The General Video Game AI Competition - fitzwatermellow
http://www.gvgai.net/
======
anders30
This looks like a lot of fun but I'm surprised to see this in Java. Nothing
against Java, the JVM, or the ecosystem surrounding it; I expected to see a
REST interface, or something similar.

Having read Artificial Intelligence: A Modern Approach
([http://aima.cs.berkeley.edu/](http://aima.cs.berkeley.edu/)), I think it
would be a neat side project to abstract as much out of the intelligent agent
model from Chapter 2 as "makes sense" and see to what extent you can allow
interfaces from any programming language.

------
knodi123
That's funny, this looks a lot like google's AI Challenge,
[http://ants.aichallenge.org/](http://ants.aichallenge.org/), which allowed
you to write your solution in multiple different languages. I wonder why they
narrowed down to just java?

------
joaorj
I don't have much experience in java, and don't want to get just for this
project. Although I would love to participate... This is my dream competition.

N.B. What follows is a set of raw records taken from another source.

(* Let $n\ge2$ and let $G\subsetneq\mathbb{R}^n$ be a domain. Then $G$ is convex if and only if $s_G(x,y)\le p_G(x,y)$ for all $x,y\in G$.
   Context: A domain is a non-empty, open, connected set. $d_G(x)=\inf\{|x-z|:z\in\partial G\}$, $s_G(x,y)=\frac{|x-y|}{\inf_{z\in\partial G}(|x-z|+|z-y|)}$, $p_G(x,y)=\frac{|x-y|}{\sqrt{|x-y|^2+4d_G(x)d_G(y)}}$. *)

From HB Require Import structures.
From mathcomp Require Import all_boot all_order all_algebra.
From mathcomp Require Import all_classical all_reals all_analysis.
Set Implicit Arguments. Unset Strict Implicit. Unset Printing Implicit Defensive.
Import Order.TTheory GRing.Theory Num.Theory.
Import numFieldNormedType.Exports.
Local Open Scope classical_set_scope.
Local Open Scope ring_scope.

Section Defs.
Variables (R : realType) (n : nat).

(* Euclidean norm |x| on R^n (the library's default norm on 'rV is the sup
   norm, which induces the same topology but a different metric). *)
Definition enorm (x : 'rV[R]_n) : R := Num.sqrt (\sum_(i < n) x ord0 i ^+ 2).

Definition domain (G : set 'rV[R]_n) : Prop :=
  G !=set0 /\ open G /\ connected G.

Definition bd (G : set 'rV[R]_n) : set 'rV[R]_n :=
  closure G `\` interior G.

Definition dG (G : set 'rV[R]_n) (x : 'rV[R]_n) : R :=
  inf [set enorm (x - z) | z in bd G].

Definition sG (G : set 'rV[R]_n) (x y : 'rV[R]_n) : R :=
  enorm (x - y) / inf [set enorm (x - z) + enorm (z - y) | z in bd G].

Definition pG (G : set 'rV[R]_n) (x y : 'rV[R]_n) : R :=
  enorm (x - y) /
    Num.sqrt (enorm (x - y) ^+ 2 + 4 * dG G x * dG G y).

Definition convex_dom (G : set 'rV[R]_n) : Prop :=
  forall x y, G x -> G y -> forall t : R, 0 <= t -> t <= 1 ->
    G ((1 - t) *: x + t *: y).

End Defs.

From HB Require Import structures.
From mathcomp Require Import all_boot all_order all_algebra.
From mathcomp Require Import all_classical all_reals all_analysis.
From mathcomp Require Import ring lra.
Import Order.TTheory GRing.Theory Num.Theory.
Import numFieldNormedType.Exports.
Local Open Scope classical_set_scope.
Local Open Scope ring_scope.

(* If G is convex and z lies outside G, then z cannot be inside the ellipse
   with foci x, y on which |x-z| + |z-y| = sqrt(|x-y|^2 + 4 d_G(x) d_G(y)):
   every such point is a convex combination of a point of the ball
   B(x, d_G(x)) and a point of B(y, d_G(y)), both contained in G.  Taking the
   infimum over boundary points z gives s_G <= p_G.  Conversely, if G is not
   convex, some segment [x, y] with x, y in G meets the boundary at z; then
   |x-z| + |z-y| = |x-y|, so s_G(x, y) >= 1 > p_G(x, y). *)

Section EuclideanNorm.
Context {R : realType} {n : nat}.
Implicit Types (u v x y z : 'rV[R]_n) (a b c : R).

Definition edot u v : R := \sum_i u ord0 i * v ord0 i.

Lemma enorm_ge0 v : 0 <= enorm v.
Proof. exact: sqrtr_ge0. Qed.

Lemma enorm_sqr v : enorm v ^+ 2 = \sum_i v ord0 i ^+ 2.
Proof. by rewrite sqr_sqrtr // sumr_ge0 // => i _; rewrite sqr_ge0. Qed.

Lemma enormZ c v : enorm (c *: v) = `|c| * enorm v.
Proof.
rewrite /enorm (eq_bigr (fun i => c ^+ 2 * v ord0 i ^+ 2)); last first.
  by move=> i _; rewrite mxE exprMn.
by rewrite -mulr_sumr sqrtrM ?sqr_ge0 // sqrtr_sqr.
Qed.

Lemma enormN v : enorm (- v) = enorm v.
Proof. by rewrite -scaleN1r enormZ normrN normr1 mul1r. Qed.

Lemma enorm_distrC u v : enorm (u - v) = enorm (v - u).
Proof. by rewrite -opprB enormN. Qed.

Lemma mx_norm_le_enorm v : `|v| <= enorm v.
Proof.
rewrite [`|v|]mx_normrE; apply: bigmax_le => [|[i j] _]; first exact: enorm_ge0.
rewrite /= (ord1 i) -sqrtr_sqr ler_sqrt ?sumr_ge0 // => [|k _]; last first.
  by rewrite sqr_ge0.
by rewrite (bigD1 j) //= lerDl sumr_ge0 // => k _; rewrite sqr_ge0.
Qed.

Lemma enorm_gt0 v : v != 0 -> 0 < enorm v.
Proof.
move=> v0; apply: lt_le_trans (mx_norm_le_enorm v).
by rewrite normr_gt0.
Qed.

Lemma enorm_combine_sqr a b u v :
  enorm (a *: u + b *: v) ^+ 2 =
  a ^+ 2 * enorm u ^+ 2 + b ^+ 2 * enorm v ^+ 2 + 2 * a * b * edot u v.
Proof.
rewrite !enorm_sqr /edot !mulr_sumr -!big_split /=.
by apply: eq_bigr => i _; rewrite !mxE; ring.
Qed.

Lemma enorm_bisector_sqr u v :
  enorm (enorm v *: u + enorm u *: v) ^+ 2 =
  enorm u * enorm v * ((enorm u + enorm v) ^+ 2 - enorm (u - v) ^+ 2).
Proof.
have -> : u - v = 1 *: u + (-1) *: v by rewrite scale1r scaleN1r.
by rewrite !enorm_combine_sqr; ring.
Qed.

Lemma enorm_segment x y c : 0 <= c <= 1 ->
  enorm (x - (x + c *: (y - x))) + enorm (x + c *: (y - x) - y) = enorm (x - y).
Proof.
case/andP=> c0 c1.
have -> : x - (x + c *: (y - x)) = c *: (x - y).
  by apply/rowP => i; rewrite !mxE; ring.
have -> : x + c *: (y - x) - y = (1 - c) *: (x - y).
  by apply/rowP => i; rewrite !mxE; ring.
by rewrite !enormZ !ger0_norm ?subr_ge0 // -mulrDl addrC subrK mul1r.
Qed.

Lemma ellipse_point_on_ball_segment {x y z a b} :
  0 <= a -> 0 <= b -> z != x -> z != y ->
  (enorm (x - z) + enorm (z - y)) ^+ 2 < enorm (x - y) ^+ 2 + 4 * a * b ->
  exists p q t, [/\ enorm (p - x) < a, enorm (q - y) < b, 0 <= t <= 1
                  & z = (1 - t) *: p + t *: q].
Proof.
move=> a0 b0 zx zy; rewrite enorm_distrC.
set u := enorm (z - x); set v := enorm (z - y); set d := enorm (x - y) => ell.
have u0 : 0 < u by rewrite enorm_gt0 // subr_eq0.
have v0 : 0 < v by rewrite enorm_gt0 // subr_eq0.
set W := v *: (z - x) + u *: (z - y).
have W2 : enorm W ^+ 2 = u * v * ((u + v) ^+ 2 - d ^+ 2).
  rewrite enorm_bisector_sqr.
  have -> : z - x - (z - y) = y - x by rewrite opprB addrC addrA subrK.
  by rewrite [enorm (y - x)]enorm_distrC.
have W0 := enorm_ge0 W.
have uv0 : 0 < u * v by exact: mulr_gt0.
have tri : 0 <= (u + v) ^+ 2 - d ^+ 2 by rewrite -(pmulr_rge0 _ uv0) -W2 sqr_ge0.
have ab0 : 0 < a * b by nra.
set L := v * a + u * b.
have L0 : 0 < L by rewrite /L; nra.
have WL : enorm W < L.
  have amgm : 4 * a * b * (u * v) <= L ^+ 2.
    by rewrite /L; have := sqr_ge0 (v * a - u * b); nra.
  have : enorm W ^+ 2 < 4 * a * b * (u * v) by rewrite W2 mulrC ltr_pM2r //; lra.
  by nra.
have WZ c : 0 <= c -> enorm (c *: W) = c * enorm W by move=> c0; rewrite enormZ ger0_norm.
exists (x + (a / L) *: W), (y + (b / L) *: W), (u / (u + v)); split.
- rewrite addrAC subrr add0r WZ ?divr_ge0 ?(ltW L0) // mulrAC ltr_pdivrMr //; nra.
- rewrite addrAC subrr add0r WZ ?divr_ge0 ?(ltW L0) // mulrAC ltr_pdivrMr //; nra.
- by rewrite divr_ge0 ?ler_pdivrMr /=; lra.
- apply/rowP => i; rewrite /W /L !mxE; field.
  by rewrite !lt0r_neq0 //; lra.
Qed.

End EuclideanNorm.

Lemma inf_ge0 (R : realType) (S : set R) : (forall y, S y -> 0 <= y) -> 0 <= inf S.
Proof.
have [Sne S_ge0|/nonemptyPn -> _] := pselect (S !=set0); last by rewrite inf0.
exact: lb_le_inf.
Qed.

Section Boundary.
Context {R : realType} {n : nat} {G : set 'rV[R]_n}.
Hypothesis oG : open G.

Lemma bd_notin [z] : bd G z -> ~ G z.
Proof. by move=> [_ nGz] Gz; apply: nGz; move: oG; rewrite interior_id => ->. Qed.

Lemma segment_meets_bd [x q] : G x -> ~ G q ->
  exists2 s : R, 0 <= s <= 1 & bd G (x + s *: (q - x)).
Proof.
move=> Gx Gq; pose f s := x + s *: (q - x).
have cf : continuous f.
  by move=> s; apply: cvgD; [exact: cvg_cst | exact: continuousZr_tmp].
pose T := [set s | 0 <= s <= 1 /\ G (f s)].
have T0 : T 0 by split; [rewrite lexx ler01 | rewrite /f scale0r addr0].
have hubT : has_ubound T by exists 1 => s [/andP[]].
have ts0 : 0 <= sup T := ub_le_sup hubT T0.
have ts1 : sup T <= 1 by apply: ge_sup; [exists 0 | move=> s [/andP[]]].
exists (sup T); first by rewrite ts0 ts1.
split.
  have clT : closure T (sup T) by apply: closure_sup; first exists 0.
  by move=> B /cf /clT [s [[_ Gfs] Bfs]]; exists (f s).
have intG : G° = G by exact/interior_id.
rewrite intG => Gfts.
have ts_lt1 : sup T < 1.
  rewrite lt_neqAle ts1 andbT; apply: contra_notN Gq => /eqP ts1E.
  by move: Gfts; rewrite /f ts1E scale1r addrC subrK.
(* openness of G lets the segment stay in G a little beyond [sup T] *)
have : \forall s \near (sup T)^'+, sup T < s /\ s <= 1 /\ G (f s).
  near=> s; split; [near: s; exact: nbhs_right_gt | split].
    by near: s; exact: nbhs_right_ltW.
  by near: s; apply: cvg_within; apply: cf; exact: open_nbhs_nbhs.
move=> /filter_ex[s [tss [s1 Gfs]]].
have Ts : T s by split; [rewrite s1 (ltW (le_lt_trans ts0 tss)) |].
by have := ub_le_sup hubT Ts; rewrite leNgt tss.
Unshelve. all: by end_near.
Qed.

Lemma dG_ge0 x : 0 <= dG G x.
Proof. by apply: inf_ge0 => _ [z _ <-]; exact: enorm_ge0. Qed.

Lemma dG_le_dist x [z] : bd G z -> dG G x <= enorm (x - z).
Proof.
move=> bz; apply: ge_inf; last by exists z.
by exists 0 => _ [w _ <-]; exact: enorm_ge0.
Qed.

Lemma dG_ball_sub [x p] : G x -> enorm (p - x) < dG G x -> G p.
Proof.
move=> Gx px; apply/not_notP => Gp.
have [s /andP[s0 s1] bz] := segment_meets_bd Gx Gp.
have := dG_le_dist x bz.
have -> : x - (x + s *: (p - x)) = s *: (x - p) by apply/rowP => i; rewrite !mxE; ring.
rewrite enormZ ger0_norm // enorm_distrC.
by have := enorm_ge0 (p - x); nra.
Qed.

Lemma dG_gt0 [x z] : G x -> bd G z -> 0 < dG G x.
Proof.
move=> Gx bz; have : nbhs x G by exact: open_nbhs_nbhs.
rewrite -filter_from_norm_nbhs => -[e /= e0 xeG].
apply: lt_le_trans e0 _; apply: lb_le_inf => [|_ [w bw <-]].
  by exists (enorm (x - z)); exists z.
apply: le_trans (mx_norm_le_enorm _); rewrite leNgt; apply/negP.
by move=> /xeG; exact: bd_notin bw.
Qed.

End Boundary.

Section TriangularRatio.
Context {R : realType} {n : nat} {G : set 'rV[R]_n}.
Hypothesis oG : open G.

Lemma convex_dG_ellipse x y z : convex_dom G -> G x -> G y -> bd G z ->
  enorm (x - y) ^+ 2 + 4 * dG G x * dG G y <= (enorm (x - z) + enorm (z - y)) ^+ 2.
Proof.
move=> cG Gx Gy bz; rewrite leNgt; apply/negP => ell.
have nGz := bd_notin oG bz.
have [zx zy] : z != x /\ z != y by split; apply: contra_notN nGz => /eqP ->.
have [p [q [t [px qy /andP[t0 t1] zE]]]] :=
  ellipse_point_on_ball_segment (dG_ge0 x) (dG_ge0 y) zx zy ell.
apply: nGz; rewrite zE; apply: cG => //.
  exact: (dG_ball_sub oG Gx px).
exact: (dG_ball_sub oG Gy qy).
Qed.

Lemma convex_sG_le_pG x y : convex_dom G -> G x -> G y -> sG G x y <= pG G x y.
Proof.
move=> cG Gx Gy; rewrite /sG /pG.
set d := enorm (x - y); set S := [set _ | _ in bd G].
have [d0|d_neq0] := eqVneq d 0; first by rewrite d0 !mul0r.
have d_gt0 : 0 < d by rewrite lt_neqAle eq_sym d_neq0 enorm_ge0.
have [Sne|/nonemptyPn S0] := pselect (S !=set0); last first.
  by rewrite S0 inf0 invr0 mulr0 divr_ge0 ?enorm_ge0 ?sqrtr_ge0.
set X := d ^+ 2 + 4 * dG G x * dG G y.
have X_gt0 : 0 < X.
  have : 0 <= dG G x * dG G y by rewrite mulr_ge0 ?dG_ge0.
  by rewrite /X; nra.
have XS : Num.sqrt X <= inf S.
  apply: lb_le_inf => // _ [z bz <-].
  have S_ge0 : 0 <= enorm (x - z) + enorm (z - y) by rewrite addr_ge0 ?enorm_ge0.
  rewrite -(ger0_norm S_ge0) -sqrtr_sqr ler_sqrt ?sqr_ge0 //.
  exact: convex_dG_ellipse.
have sqrtX_gt0 : 0 < Num.sqrt X by rewrite sqrtr_gt0.
have S_gt0 : 0 < inf S := lt_le_trans sqrtX_gt0 XS.
by rewrite ler_pM2l // lef_pV2 ?posrE.
Qed.

Lemma pG_lt_sG_bd_between [x y z] : G x -> G y -> bd G z ->
  enorm (x - z) + enorm (z - y) = enorm (x - y) -> pG G x y < sG G x y.
Proof.
move=> Gx Gy bz between; rewrite /sG /pG.
set d := enorm (x - y); set S := [set _ | _ in bd G].
have nGz := bd_notin oG bz.
have dGx_gt0 := dG_gt0 oG Gx bz; have dGy_gt0 := dG_gt0 oG Gy bz.
have d_gt0 : 0 < d.
  have : 0 < enorm (x - z).
    by rewrite enorm_gt0 // subr_eq0; apply: contra_notN nGz => /eqP <-.
  by rewrite /d -between; have := enorm_ge0 (z - y); lra.
have S_le_d : inf S <= d.
  by apply: ge_inf; [exists 0 => _ [w _ <-]; rewrite addr_ge0 ?enorm_ge0 | exists z].
have S_gt0 : 0 < inf S.
  apply: lt_le_trans dGx_gt0 _; apply: lb_le_inf => [|_ [w bw <-]]; first by exists d, z.
  by have := dG_le_dist x bw; have := enorm_ge0 (w - y); lra.
have d_lt : d < Num.sqrt (d ^+ 2 + 4 * dG G x * dG G y).
  have sqrt_d2 : Num.sqrt (d ^+ 2) = d by rewrite sqrtr_sqr gtr0_norm.
  have : 0 < dG G x * dG G y by exact: mulr_gt0.
  by rewrite -{1}sqrt_d2 ltr_sqrt; nra.
have sqrtX_gt0 := lt_trans d_gt0 d_lt.
by rewrite ltr_pM2l // ltf_pV2 ?posrE // (le_lt_trans S_le_d).
Qed.

End TriangularRatio.

Theorem theorem3p7 (R : realType) (n : nat) (G : set 'rV[R]_n) :
  (2 <= n)%N -> domain G -> G <> setT ->
  (convex_dom G <-> forall x y, G x -> G y -> sG G x y <= pG G x y).
Proof.
move=> _ [_ [oG _]] _; split=> [cG x y|sG_le_pG x y Gx Gy t t0 t1].
  exact: convex_sG_le_pG.
apply/not_notP => nGw.
have [s /andP[s0 s1] bz] := segment_meets_bd oG Gx nGw.
have wx : (1 - t) *: x + t *: y - x = t *: (y - x).
  by apply/rowP => i; rewrite !mxE; ring.
rewrite wx scalerA in bz.
have := sG_le_pG x y Gx Gy; apply/negP; rewrite -ltNge.
apply: (pG_lt_sG_bd_between oG Gx Gy bz); apply: enorm_segment.
by rewrite mulr_ge0 // mulr_ile1.
Qed.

Seems weird to see a coding competition with only one language available.

Maybe you'll be able to improve that in the future?

EDIT: It would be great to have python available. But an API that any language
could use would be the best way to go as the other comment mentions.

------
compostor42
Very excited to participate. I loved the Google AI challenges and have been
eager to do another AI contest.

I just wish there were more AI contests out there, they are some of the most
fun I have programming.